Spy x Family features a sight gag that wears surprisingly well with repetition, so they'll repeat it a LOT: Anya's "shocked" expression. What usually brings it on is a glimpse into what's REALLY going on in her "parents'" minds. The show's character art does remarkable things with her (very large) eyes. It's all often told through her POV, and when she's not in it, it seemed to me it wasn't quite as good- or maybe it was because the major absence of Anya from the story was during a visit from Yor's siscon brother, Yuri, who's also a bad guy. Still, that couple of episodes DID clarify something for me: Yor is, apparently, a "patriotic citizen" of Ostania, so she is, technically, a bad guy herself. I expect things in the Forger household may get awkward when everyone finally comes clean. Still, as might be expected, Yor starts developing genuine maternal feelings for Anya, and Anya is quick to take full advantage of that; in threatening situations, there's not much better backup than a trained assassin. (Yor's rare outbursts of violence are ALWAYS delightfully over-the-top.)
With Anya as our usual POV "everygirl" character (albeit a telepathic one), and Yor as an apparently demure female nevertheless given to (very) occasional bouts of murderous rage, Lloyd is relegated to the most dramatically limited role in our little family- the Straight Man, dedicated to Mission Above All, rarely displaying overt emotion, solid, dependable, SUPER competent, trying to hold everything together against unexpected interferences and setbacks (though unknowingly getting assistance from Anya at times.) Except in his frustration with Anya's apparent lack of progress, we rarely get much overt information on his real feelings from the dialogue- and he always tries to put on a pleasant face to everyone (whatever "face" he happens to be using at the moment), but the show does let him be the POV character sometimes, and we get to follow him to his meetings with his contacts, and hear his internal monologue- which is pretty much just the character traits listed above.

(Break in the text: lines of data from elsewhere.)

(* Let $n,m,k$ be positive integers and let $\varphi$ be an automorphism of $\Gamma=\mathbb{Z}_{nm}\mathbin{\mathrm{wr}}\mathbb{Z}^k$. Let $\varphi_n$ and $\varphi_m$ be the automorphisms of $\mathbb{Z}_n\mathbin{\mathrm{wr}}\mathbb{Z}^k$ and $\mathbb{Z}_m\mathbin{\mathrm{wr}}\mathbb{Z}^k$ determined by $\Pi_n\circ\varphi=\varphi_n\circ\Pi_n$ and $\Pi_m\circ\varphi=\varphi_m\circ\Pi_m$. If $R(\varphi_n')=R(\varphi_m')=1$, then $R(\varphi')=1$.
   Context: $\mathbb{Z}_q\mathbin{\mathrm{wr}}\mathbb{Z}^k=\bigoplus_{x\in\mathbb{Z}^k}(\mathbb{Z}_q)_x\rtimes_\alpha\mathbb{Z}^k$ is the restricted wreath product, $\alpha(z)$ mapping $(\mathbb{Z}_q)_x$ onto $(\mathbb{Z}_q)_{z+x}$; its torsion subgroup $\Sigma_q=\bigoplus_x(\mathbb{Z}_q)_x$ is characteristic, and for an automorphism $\psi$, $\psi'$ denotes the restriction of $\psi$ to the torsion subgroup. For $d\mid nm$, $\Pi_d\colon\mathbb{Z}_{nm}\mathbin{\mathrm{wr}}\mathbb{Z}^k\to\mathbb{Z}_d\mathbin{\mathrm{wr}}\mathbb{Z}^k$ is $\Pi_d(\sigma,z)=(\pi_d(\sigma),z)$, where $\pi_d$ reduces every coefficient mod $d$; its kernel is characteristic, so $\varphi_d$ is well defined. $R(\psi)$ denotes the Reidemeister number: the number of classes of the relation $g_1\sim hg_2\psi(h^{-1})$; for the abelian group $\Sigma$, $R(\varphi')=1$ means $1-\varphi'$ is surjective. *)

From HB Require Import structures.
From mathcomp Require Import all_boot all_order all_algebra.
Set Implicit Arguments. Unset Strict Implicit. Unset Printing Implicit Defensive.
Import Order.TTheory GRing.Theory Num.Theory.
Local Open Scope ring_scope.

(* Z_q for q > 0: the ordinals 'I_q, written 'I_(q.-1).+1 so that the
   canonical zmodType structure of Zp applies (also for q = 1, trivial group). *)
Notation Zmod q := 'I_(q.-1).+1.

Notation Zk k := 'rV[int]_k.

(* Carrier for Z_q wr Z^k : pairs (sigma, z) with sigma : Z^k -> Z_q;
   the group itself is the subset of pairs with sigma finitely supported. *)
Definition wr (q k : nat) : Type := ((Zk k -> Zmod q) * Zk k)%type.

Definition fin_supp (q k : nat) (s : Zk k -> Zmod q) : Prop :=
  exists r : seq (Zk k), forall x, s x != 0 -> x \in r.

Definition inW (q k : nat) (g : wr q k) : Prop := fin_supp g.1.

Definition inSigma (q k : nat) (g : wr q k) : Prop := inW g /\ g.2 = 0.

(* alpha(z) maps (Z_q)_x onto (Z_q)_(z+x): (alpha(z) s)(y) = s(y - z) *)
Definition wmul (q k : nat) (g h : wr q k) : wr q k :=
  (fun x => g.1 x + h.1 (x - g.2), g.2 + h.2).
Definition wone (q k : nat) : wr q k := (fun _ => 0, 0).
Definition winv (q k : nat) (g : wr q k) : wr q k :=
  (fun x => - g.1 (x + g.2), - g.2).

Definition is_aut (q k : nat) (phi : wr q k -> wr q k) : Prop :=
  [/\ (forall g, inW g -> inW (phi g)),
      (forall g h, inW g -> inW h -> phi (wmul g h) = wmul (phi g) (phi h)),
      (forall g h, inW g -> inW h -> phi g = phi h -> g = h) &
      (forall g', inW g' -> exists2 g, inW g & phi g = g')].

Definition redmod (q d : nat) (a : Zmod q) : Zmod d := inZp (nat_of_ord a).

Definition proj (q d k : nat) (g : wr q k) : wr d k :=
  (fun x => redmod d (g.1 x), g.2).

(* R(phi') = 1 : the restriction phi' of phi to Sigma_q has exactly one
   Reidemeister class, i.e. any two elements of Sigma_q are twisted-conjugate
   via some h in Sigma_q  (g1 ~ h g2 phi(h)^-1). *)
Definition reid_one (q k : nat) (phi : wr q k -> wr q k) : Prop :=
  forall g1 g2, inSigma g1 -> inSigma g2 ->
    exists2 h, inSigma h & g1 = wmul (wmul h g2) (winv (phi h)).

(* On the torsion subgroup phi' is additive, and R(phi') = 1 says that 1 - phi' is onto.
   Given s in Sigma_nm, surjectivity of 1 - phi_m' yields a such that s - (1 - phi')(a) is
   divisible by m, say equal to m y; surjectivity of 1 - phi_n' yields b such that
   y - (1 - phi')(b) is divisible by n.  Multiplication by m kills n Sigma_nm, hence
   s = (1 - phi')(a + m b). *)

From HB Require Import structures.
From mathcomp Require Import all_boot all_order all_algebra.
From Stdlib Require Import FunctionalExtensionality.
Set Implicit Arguments. Unset Strict Implicit. Unset Printing Implicit Defensive.
Import Order.TTheory GRing.Theory Num.Theory.
Local Open Scope ring_scope.

Section ZmodArith.

Variables q d : nat.
Hypotheses (q_gt0 : (0 < q)%N) (d_dvd_q : (d %| q)%N).

Let d_gt0 : (0 < d)%N. Proof. exact: dvdn_gt0 d_dvd_q. Qed.

Lemma Zmod_val_inZp x : nat_of_ord (inZp x : Zmod q) = (x %% q)%N.
Proof. by case: q q_gt0. Qed.

Lemma Zmod_valMn (a : Zmod q) N : nat_of_ord (a *+ N) = ((a * N) %% q)%N.
Proof. by case: q q_gt0 a => // p _ a; rewrite Zp_mulrn. Qed.

Lemma Zmod_val_lt (a : Zmod q) : (a < q)%N.
Proof. by case: q q_gt0 a. Qed.

Lemma Zmod_mulrn_order (a : Zmod q) : a *+ q = 0.
Proof. by apply: val_inj => /=; rewrite Zmod_valMn modnMl; case: q q_gt0. Qed.

Lemma redmod0 : redmod d (0 : Zmod q) = 0.
Proof. by apply: val_inj; rewrite /= mod0n. Qed.

Lemma redmodD (a b : Zmod q) : redmod d (a + b) = redmod d a + redmod d b.
Proof.
case: q q_gt0 d_dvd_q a b => // p _; case: d d_gt0 => // e _ dvd_ep a b.
by apply: val_inj; rewrite /= modnDm (modn_dvdm _ dvd_ep).
Qed.

Lemma redmodB (a b : Zmod q) : redmod d (a - b) = redmod d a - redmod d b.
Proof. by apply: (addIr (redmod d b)); rewrite -redmodD !subrK. Qed.

Lemma redmod_inZp (v : Zmod d) : redmod d (inZp v : Zmod q) = v.
Proof.
have le_dq : (d <= q)%N by exact: dvdn_leq.
case: q q_gt0 le_dq => // p _; case: d d_gt0 v => // e _ v le_ep.
by apply: val_inj; rewrite /= (modn_small (leq_trans (ltn_ord v) le_ep)) modn_small.
Qed.

Lemma redmod_eq0 (a : Zmod q) : (redmod d a == 0) = (d %| a)%N.
Proof. by case: d d_gt0 => // e _; rewrite -val_eqE /dvdn. Qed.

End ZmodArith.

Section ZmodProduct.

Variables n m : nat.
Hypotheses (n_gt0 : (0 < n)%N) (m_gt0 : (0 < m)%N).

Let nm_gt0 : (0 < n * m)%N. Proof. by rewrite muln_gt0 n_gt0. Qed.

Lemma Zmod_divnK (w : Zmod (n * m)) :
  (m %| w)%N -> (inZp (w %/ m) : Zmod (n * m)) *+ m = w.
Proof.
move=> dvd_mw; apply: val_inj => /=.
rewrite Zmod_valMn // Zmod_val_inZp // modnMml divnK //.
exact: modn_small (Zmod_val_lt nm_gt0 w).
Qed.

Lemma Zmod_mulrn_eq0 (v : Zmod (n * m)) : (n %| v)%N -> v *+ m = 0.
Proof.
move=> /dvdnP [t def_v]; apply: val_inj => /=.
by rewrite Zmod_valMn // def_v -mulnA modnMl; case: (n * m)%N nm_gt0.
Qed.

End ZmodProduct.

Section Wreath.

Variables q k : nat.
Implicit Types (s t : Zk k -> Zmod q) (g h : wr q k).

Lemma fin_supp_comp q' (f : Zmod q -> Zmod q') s :
  f 0 = 0 -> fin_supp s -> fin_supp (f \o s).
Proof.
move=> f0 [r supp_r]; exists r => x /=.
by case: (eqVneq (s x) 0) => [-> | /supp_r //]; rewrite f0 eqxx.
Qed.

Lemma fin_suppD s t : fin_supp s -> fin_supp t -> fin_supp (s \+ t).
Proof.
move=> [r supp_r] [r' supp_r']; exists (r ++ r') => x /=; rewrite mem_cat.
case: (eqVneq (s x) 0) => [-> | /supp_r -> //]; rewrite add0r => /supp_r' ->.
by rewrite orbT.
Qed.

Lemma fin_suppN s : fin_supp s -> fin_supp (\- s).
Proof. exact: (fin_supp_comp (@oppr0 _)). Qed.

Lemma fin_suppB s t : fin_supp s -> fin_supp t -> fin_supp (s \- t).
Proof. by move=> fs ft; apply: fin_suppD (fin_suppN ft). Qed.

Lemma inW_wone : inW (wone q k).
Proof. by exists [::]. Qed.

Lemma inW_wmul g h : inW g -> inW h -> inW (wmul g h).
Proof.
move=> [r supp_r] [r' supp_r']; exists (r ++ map (+%R^~ g.2) r') => x /=.
rewrite mem_cat; case: (eqVneq (g.1 x) 0) => [-> | /supp_r -> //].
rewrite add0r => /supp_r' r'x; apply/orP; right.
by rewrite -(subrK g.2 x); apply: map_f.
Qed.

Definition wexp g N := iter N (wmul g) (wone q k).

Lemma inW_wexp g N : inW g -> inW (wexp g N).
Proof. by move=> Wg; elim: N => [|N IH] /=; [exact: inW_wone | exact: inW_wmul]. Qed.

Lemma wexp_snd g N : (wexp g N).2 = g.2 *+ N.
Proof. by elim: N => [|N IH] //=; rewrite IH mulrS. Qed.

Definition tor s : wr q k := (s, 0).

Lemma inSigmaE g : inSigma g -> g = tor g.1.
Proof. by case: g => s z [_ /= ->]. Qed.

Lemma inSigma_tor s : inSigma (tor s) <-> fin_supp s.
Proof. by split=> [[]|]. Qed.

Lemma tor_inj : injective tor.
Proof. by move=> s t []. Qed.

Lemma wmul_tor s t : wmul (tor s) (tor t) = tor (s \+ t).
Proof.
rewrite /wmul /= addr0; congr pair.
by apply: functional_extensionality => x; rewrite subr0.
Qed.

Lemma winv_tor s : winv (tor s) = tor (\- s).
Proof.
rewrite /winv /= oppr0; congr pair.
by apply: functional_extensionality => x; rewrite addr0.
Qed.

Lemma wexp_tor s N : wexp (tor s) N = tor (fun x => s x *+ N).
Proof.
elim: N => [|N IH] /=; first by congr pair; apply: functional_extensionality.
by rewrite IH wmul_tor; congr pair; apply: functional_extensionality => x; rewrite mulrS.
Qed.

End Wreath.

Lemma wmulg1 q k (g : wr q k) : wmul g (wone q k) = g.
Proof.
case: g => s z; rewrite /wmul /= addr0; congr pair.
by apply: functional_extensionality => x; rewrite addr0.
Qed.

Lemma wmul_idem q k (g : wr q k) : wmul g g = g -> g = wone q k.
Proof.
case: g => s z [s_idem z_idem].
have z0 : z = 0 by apply: (addrI z); rewrite addr0.
rewrite /wone z0; congr pair; apply: functional_extensionality => x.
by apply: (addrI (s x)); rewrite addr0 -[in RHS](congr1 (@^~ x) s_idem) z0 subr0.
Qed.

Section Automorphism.

Variables (q k : nat) (phi : wr q k -> wr q k).
Hypotheses (q_gt0 : (0 < q)%N) (phi_aut : is_aut phi).
Implicit Types (s t : Zk k -> Zmod q) (g h : wr q k).

Lemma aut_wone : phi (wone q k) = wone q k.
Proof.
case: phi_aut => _ phiM _ _; apply: wmul_idem.
by rewrite -phiM ?(wmulg1 (wone q k)) //; apply: inW_wone.
Qed.

Lemma aut_wexp g N : inW g -> phi (wexp g N) = wexp (phi g) N.
Proof.
case: phi_aut => _ phiM _ _ Wg; elim: N => [|N IH] /=; first exact: aut_wone.
by rewrite phiM ?IH //; apply: inW_wexp.
Qed.

Lemma aut_inSigma g : inSigma g -> inSigma (phi g).
Proof.
move=> Sg; split; first by case: phi_aut => phiW _ _ _; apply: phiW; case: Sg.
have wexp_order : wexp g q = wone q k.
  rewrite (inSigmaE Sg) wexp_tor; congr pair; apply: functional_extensionality => x.
  exact: Zmod_mulrn_order.
have := congr1 snd (aut_wexp q (proj1 Sg)); rewrite wexp_order aut_wone wexp_snd /=.
move=> /esym /matrixP phig2; apply/matrixP => i j; move/eqP: (phig2 i j).
by rewrite mulmxnE !mxE mulrn_eq0 eqn0Ngt q_gt0 => /eqP.
Qed.

Definition restr s := (phi (tor s)).1.

Lemma aut_tor s : fin_supp s -> phi (tor s) = tor (restr s).
Proof. by move=> fs; apply: inSigmaE; apply: aut_inSigma. Qed.

Lemma fin_supp_restr s : fin_supp s -> fin_supp (restr s).
Proof. by move=> fs; case: (aut_inSigma (g := tor s)). Qed.

Lemma restrD s t : fin_supp s -> fin_supp t -> restr (s \+ t) = restr s \+ restr t.
Proof.
move=> fs ft; case: phi_aut => _ phiM _ _.
have fst := fin_suppD fs ft.
by apply: tor_inj; rewrite -wmul_tor -!aut_tor // -phiM // wmul_tor.
Qed.

Lemma restrMn s N : fin_supp s -> restr (fun x => s x *+ N) = fun x => restr s x *+ N.
Proof.
move=> fs; have fsN := fin_supp_comp (f := (@GRing.natmul _)^~ N) (mul0rn _ N) fs.
by apply: tor_inj; rewrite -!wexp_tor -!aut_tor // -wexp_tor aut_wexp.
Qed.

Lemma reid_oneP :
  reid_one phi <-> forall s, fin_supp s -> exists2 a, fin_supp a & s = a \- restr a.
Proof.
split=> [reid s fs | onto g1 g2 S1 S2].
  have [h Sh] :=
    reid (tor s) (wone q k) (proj2 (inSigma_tor s) fs) (conj (inW_wone q k) erefl).
  rewrite (inSigmaE Sh) aut_tor; last by case: Sh.
  rewrite wmulg1 winv_tor wmul_tor => /tor_inj ->.
  by exists h.1; case: Sh.
have [a fa def_s] := onto (g1.1 \- g2.1) (fin_suppB (proj1 S1) (proj1 S2)).
exists (tor a) => //; rewrite (inSigmaE S1) (inSigmaE S2) aut_tor //.
rewrite wmul_tor winv_tor wmul_tor; congr pair; apply: functional_extensionality => x /=.
by rewrite addrAC -[_ - restr a x]/((a \- restr a) x) -def_s /= subrK.
Qed.

End Automorphism.

Section Reduction.

Variables (q d k : nat) (phi : wr q k -> wr q k) (phid : wr d k -> wr d k).
Hypotheses (q_gt0 : (0 < q)%N) (d_dvd_q : (d %| q)%N).
Hypothesis phid_aut : is_aut phid.
Hypothesis phi_proj : forall g, inW g -> proj d (phi g) = phid (proj d g).
Implicit Types s : Zk k -> Zmod q.

Lemma restr_proj s : fin_supp s -> restr phid (redmod d \o s) = redmod d \o restr phi s.
Proof. by move=> fs; rewrite /restr -[tor _]/(proj d (tor s)) -phi_proj. Qed.

Lemma coboundary_mod s : reid_one phid -> fin_supp s ->
  exists2 a, fin_supp a & forall x, (d %| (s x - (a x - restr phi a x))%R)%N.
Proof.
move=> reid_d fs; have d_gt0 : (0 < d)%N := dvdn_gt0 q_gt0 d_dvd_q.
have [h fh def_s] := (reid_oneP d_gt0 phid_aut).1 reid_d _ (fin_supp_comp (redmod0 q d) fs).
pose a x : Zmod q := inZp (h x).
have fa : fin_supp a.
  by apply: (fin_supp_comp (f := inZp)) fh; apply: val_inj => /=; rewrite mod0n.
have red_a : redmod d \o a = h.
  by apply: functional_extensionality => x; rewrite /= redmod_inZp.
exists a => // x; rewrite -redmod_eq0 // !redmodB //.
have /(congr1 (@^~ x)) := restr_proj fa; rewrite red_a /= => <-.
by rewrite [redmod d (s x)](congr1 (@^~ x) def_s) /= -red_a /= subrr.
Qed.

End Reduction.

Section ProductModulus.

Variables (n m k : nat) (phi : wr (n * m) k -> wr (n * m) k) (phin : wr n k -> wr n k).
Hypotheses (n_gt0 : (0 < n)%N) (m_gt0 : (0 < m)%N).
Hypotheses (phi_aut : is_aut phi) (phin_aut : is_aut phin).
Hypothesis phi_proj : forall g, inW g -> proj n (phi g) = phin (proj n g).
Hypothesis reid_n : reid_one phin.

Let nm_gt0 : (0 < n * m)%N. Proof. by rewrite muln_gt0 n_gt0. Qed.

Lemma coboundary_of_dvd (t : Zk k -> Zmod (n * m)) : fin_supp t ->
  (forall x, (m %| t x)%N) -> exists2 c, fin_supp c & t = c \- restr phi c.
Proof.
move=> ft dvd_m; pose y x : Zmod (n * m) := inZp (t x %/ m).
have fy : fin_supp y.
  apply: (fin_supp_comp (f := fun v : Zmod (n * m) => inZp (v %/ m))) ft.
  by apply: val_inj => /=; rewrite div0n mod0n.
have [b fb dvd_n] :=
  coboundary_mod nm_gt0 (dvdn_mulr m (dvdnn n)) phin_aut phi_proj reid_n fy.
exists (fun x => b x *+ m).
  by apply: (fin_supp_comp (f := (@GRing.natmul _)^~ m)) fb; rewrite mul0rn.
rewrite restrMn //; apply: functional_extensionality => x /=.
rewrite -(Zmod_divnK n_gt0 m_gt0 (dvd_m x)) -/(y x) -mulrnBl.
by rewrite -[y x](subrK (b x - restr phi b x)) mulrnDl Zmod_mulrn_eq0 ?add0r.
Qed.

End ProductModulus.

Theorem theorem4p3 (n m k : nat) (hn : (0 < n)%N) (hm : (0 < m)%N) (hk : (0 < k)%N)
  (phi : wr (n * m) k -> wr (n * m) k)
  (phin : wr n k -> wr n k) (phim : wr m k -> wr m k) :
  is_aut phi -> is_aut phin -> is_aut phim ->
  (forall g, inW g -> proj n (phi g) = phin (proj n g)) ->
  (forall g, inW g -> proj m (phi g) = phim (proj m g)) ->
  reid_one phin -> reid_one phim -> reid_one phi.
Proof.
move=> phi_aut phin_aut phim_aut proj_n proj_m reid_n reid_m.
have nm_gt0 : (0 < n * m)%N by rewrite muln_gt0 hn.
apply/(reid_oneP nm_gt0 phi_aut) => s fs.
have [a fa dvd_m] :=
  coboundary_mod nm_gt0 (dvdn_mull n (dvdnn m)) phim_aut proj_m reid_m fs.
have ft : fin_supp (s \- (a \- restr phi a)).
  by apply: fin_suppB fs (fin_suppB fa (fin_supp_restr nm_gt0 phi_aut fa)).
have [c fc def_t] := coboundary_of_dvd hn hm phi_aut phin_aut proj_n reid_n ft dvd_m.
exists (a \+ c); first exact: fin_suppD.
rewrite restrD //; apply: functional_extensionality => x /=.
have /(canRL (subrK (a x - restr phi a x))) -> := congr1 (@^~ x) def_t.
by rewrite /= addrC addrACA opprD.
Qed.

I guess other spy shows compensate for THEIR heroes' tunnel vision by giving us more Action! Thrills! Suspense! and whatnot, than Spy x Family is providing (so far.) I was rooting for Lloyd more out of moral obligation (and for Anya's sake) than out of any emotional engagement with our Leading Man, but I guess that's OK. In a way, Spy x Family's little nuclear family is a stereotypical Japanese one, right down to "Dad's" having to put in extra hours on the job he's so laser-focused on. I sure hope he lightens up (or maybe develops a little more vulnerability?) in the next installment. (The Second Season apparently already exists, though it would be inevitable anyway from the ending of THIS one.)
Since much of this show is about Anya's school adventures, and the plot that lies behind them, the Rec this time is another show set in a private school that also has secret plots and intrigue going on in the background.
It's a shame that "Lloyd" has to put in so many hours here, only to have Anya steal the show from him. If you really don't like Anya, feel free to subtract a (Stella?) star. — Allen Moody
Recommended Audience: Some (occasional) violence, no fanservice. We'll go PG-13.
Version(s) Viewed: Digital stream on Crunchyroll.